Заезжать за Бобо я не стал. Я просто позвонил ему, и мы договорились встретиться возле "паровоза" на Главном вокзале. Он объяснил, что в помещении вокзала стоит такой старинный паровоз. Но когда я подъехал к привокзальной площади, он тут же вырос подле машины.
– Попался? – сказал он.
– Чего же это я попался?
– Ну так…
– Залезай, – предложил я. – А то в девять тебе уже нужно быть в постели.
– Верно.
Он принялся сосредоточенно изучать дорогу. Настолько сосредоточенно, что я даже усомнился в факте его постоянного проживания в Берлине. Человек, который постоянно живет в городе, не станет так таращить на улицу глаза. Я поспешил поделиться с ним своими наблюдениями.
– Вовсе я не таращусь! – обиделся он. – Просто я сосредоточился на лобовом стекле. Одно небольшое упражнение из разработанной мной системы.
– Может быть, ты хотя бы из вежливости сосредоточишься и на водителе? Мы ведь с тобой сто лет не виделись.
– Сейчас. Сначала сосредоточусь на стекле, а потом и на водителе.
– И на том спасибо.
Я немного подождал, когда, наконец, с упражнением будет покончено, и принялся рассуждать вслух о том, какие замечательные
Бобо со мной готов был согласиться, только время не желал давать в обиду. Нужно учиться не бояться времени. Ведь если вдуматься, трудно найти более безобидную вещь.
Беседуя подобным образом, мы добрались до Паризю штрассе.
– Вот здесь я и живу, – воскликнул я, отпирая дверь.
Я увидел, что Малышка и Тролль в коридоре учинили игру в чехарду. При этом они бесцеремонно топтались по Саймону, который, естественно, и ухом не вел.
– Привет, – проговорил Бобо.
Вначале я подумал, что он обращается к Саймону. Тем более, что тот посмотрел в нашу сторону и приподнял морду. Но Бобо сперва протянул руку Троллю и представился, а затем галантно поцеловал руку Малышке. Я оторопел.
– Здорово! – воскликнул Бобо. – Ты, оказывается, движешься в том же направлении, что и я. И даже в каком-то смысле добился более любопытных результатов.
– Что ты имеешь в виду? – не понял я.
– Опыты с разделением сознания. Я тоже экспериментирую в этой области: так сказать, с раздвоением личности и перемещением духа в пространстве. Но личность моя разделяется лишь на духовное и телесное. У тебя же все куда более сложно. Малышка и Тролль – это ты. Но ты делегируешь им только часть своего сознания, поютому в состоянии при этом бодрствовать и даже общаться с самим собой.

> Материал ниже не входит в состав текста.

Lemma twisted_adj_row_sum x : \sum_y twisted_adj x y = (#|F|./2)%:R.
Proof.
have twist_inj : injective (twist x) by move=> y z /addIr /(can_inj phiK).
rewrite -(card_nzsquares oddF) -sum1_card natr_sum [RHS]big_mkcond.
rewrite [RHS](reindex_inj twist_inj); apply: eq_bigr => y _.
by rewrite /twisted_adj; case: (_ \in _).
Qed.

Lemma twisted_adj_double x y :
  twisted_adj x y *+ 2 = twisted_char x y + 1 - twisted_perm x y.
Proof. exact: natr_nzsquares. Qed.

Lemma twisted_char_mul x z :
  \sum_y twisted_char x y * twisted_char y z = #|F|%:R * (x == z)%:R - 1.
Proof.
have shift_inj : injective (fun u => phi (u - e * x)).
  by move=> u v /(can_inj phiK) /addIr.
have shift u : phi z + e * phi (u - e * x) = phi (e * (u + e * (z - x))).
  by rewrite -phi_mul_e -phiD mulrBr mulrDr !mul_ee; congr phi; ring.
rewrite (reindex_inj shift_inj) /=.
under eq_bigr do rewrite /twisted_char /twist phiK subrK shift qchar_phi qchar_mul_e.
by rewrite qchar_autocorr // mulf_eq0 (negbTE e_neq0) subr_eq0 eq_sym.
Qed.

Lemma twisted_char_perm x z :
  \sum_y twisted_char x y * twisted_perm y z = jacobsthal x z.
Proof.
under eq_bigr do rewrite twisted_permE eq_sym (can2_eq rhoK rhoK) mulrC.
rewrite sum_delta /twisted_char /twist /rho phiK -mulrN -mulrDr qchar_mul_e.
by rewrite /jacobsthal -qcharN opprD opprK.
Qed.

Lemma twisted_perm_char x z :
  \sum_y twisted_perm x y * twisted_char y z = jacobsthal x z.
Proof.
under eq_bigr do rewrite twisted_permE.
by rewrite sum_delta /twisted_char /twist /rho -phi_mul_e mulrN mul_ee -phiD qchar_phi.
Qed.

Lemma twisted_perm_mul x z :
  \sum_y twisted_perm x y * twisted_perm y z = (x == z)%:R.
Proof.
under eq_bigr do rewrite twisted_permE.
by rewrite sum_delta twisted_permE rhoK eq_sym.
Qed.

Lemma jacobsthal_mul x z :
  \sum_y jacobsthal x y * jacobsthal y z = #|F|%:R * (x == z)%:R - 1.
Proof.
rewrite (reindex_inj (addIr x)) /jacobsthal /=.
have shift u : z - (u + x) = - (u + (x - z)) by ring.
under eq_bigr do rewrite addrK shift qcharN.
by rewrite qchar_autocorr // subr_eq0.
Qed.

Lemma ramanujan_twisted_adj : ramanujan (kmx twisted_adj).
Proof.
have m2 : (2 <= #|F|./2)%N by move: (half_card_gt0 oddF) card_F_mod4; lia.
have mul_eq (f g : F -> F -> algC) h : (forall x z, \sum_y f x y * g y z = h x z) ->
    kmx f *m kmx g = kmx h.
  by move=> fg; rewrite mul_kmx; apply: eq_kmx.
have rowsum i : \sum_j kmx twisted_adj i j = (#|F|./2)%:R.
  by rewrite kmx_row_sum twisted_adj_row_sum.
have A2 : kmx twisted_adj *+ 2 = kmx twisted_char + const_mx 1 - kmx twisted_perm.
  by apply/matrixP => i j; rewrite !mxE -mulr2n twisted_adj_double.
have TT := mul_eq _ _ _ twisted_char_mul; have SS := mul_eq _ _ _ jacobsthal_mul.
have PP := mul_eq _ _ _ twisted_perm_mul; rewrite kmx_delta in PP.
rewrite kmx_scalar_sub_const in TT SS.
exists #|F|./2; split => // [|l eig_l ln].
  by rewrite trmx_kmx; apply: eq_kmx => x y; rewrite twisted_adj_sym.
have lk : l != (#|F|./2)%:R by apply: contraNneq ln => ->; rewrite normr_nat.
have := eigenvalue_relation rowsum A2 TT PP (mul_eq _ _ _ twisted_char_perm)
  (mul_eq _ _ _ twisted_perm_char) SS eig_l lk.
by have := @norm_le_ramanujan _ l m2; rewrite -(card_F_half oddF); apply.
Qed.

End TwistedPaley.

Lemma nzsquares_expn (F : finFieldType) (n : nat) (x : F) :
  x \in nzsquares F -> x ^+ n \in nzsquares F.
Proof.
rewrite !inE => /existsP [r /andP [r0 /eqP ->]]; apply/existsP; exists (r ^+ n).
by rewrite expf_neq0 // exprAC eqxx.
Qed.

Section FrobeniusInvolution.

Variables (F : finFieldType) (p k : nat).
Hypotheses (p_prime : prime p) (card_F : #|F| = (p ^ (2 * k))%N).

Local Notation sigma := (fun x : F => x ^+ (p ^ k)).

Lemma frobenius_pow_morphD : {morph sigma : x y / x + y}.
Proof.
have pchar_p : p \in [pchar F] := card_finPcharP card_F p_prime.
by move=> x y; rewrite exprDn_pchar // (eq_pnat _ (pcharf_eq pchar_p)) pnatX pnat_id.
Qed.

– Да? – В какой-то мере я был польщен. – Никогда не задумывался над этим с научной точки зрения.
– Но как ты этого достиг?
– Не знаю. Просто одно время по вечерам я входил в состояние релаксации. Тогда и вызвал Малышку к жизни. А Тролль появился сам. Поначалу они возникали только в эти минуты, а потом остались навсегда.
– Наверное, требовалось испытать какое-то особо сильное чувство, чтобы подобное получилось.
– Ты прав, – согласился я, – одиночество – довольно сильная вещь.
Мы прошли в комнату. Я выставил на стол бутылку "Метаксы" и отправился на кухню тушить куриные ножки. Компанию мне составлял лишь Саймон, привлеченный приятным запахом. Накануне я купил помидоров, огурцов, картошки и лука. Я пожарил картошку, нарезал салат и начал переносить еду в комнату.
Троица в это время о чем-то оживленно беседовала.
– Я думал, что мы с тобой посидим, вспомним молодость, – не без обиды заметил я. – А ты общаешься только с моими фантомами.
– Чудило! – возразил Бобо. – Ведь они – это ты. И, общаясь с ними, тем самым я общаюсь с тобой.
– Не-е-ет, – Тролль отрицательно покачал указательным пальцем. – Он – это он, а мы – это мы.
– Вы – это он, как тут ни крути.
– Мы мыслим, значит, мы существуем.
– Это он мыслит.
– Но он меня любит! – воскликнула Малышка. Потом осеклась:
– Вернее, утверждает, что любит. Значит, он любит самого себя?
– Если его больше некому любить, ему приходится это делать самому.
– Это означает, что если его, наконец, кто-то полюбит, то я исчезну?
– Очень может быть.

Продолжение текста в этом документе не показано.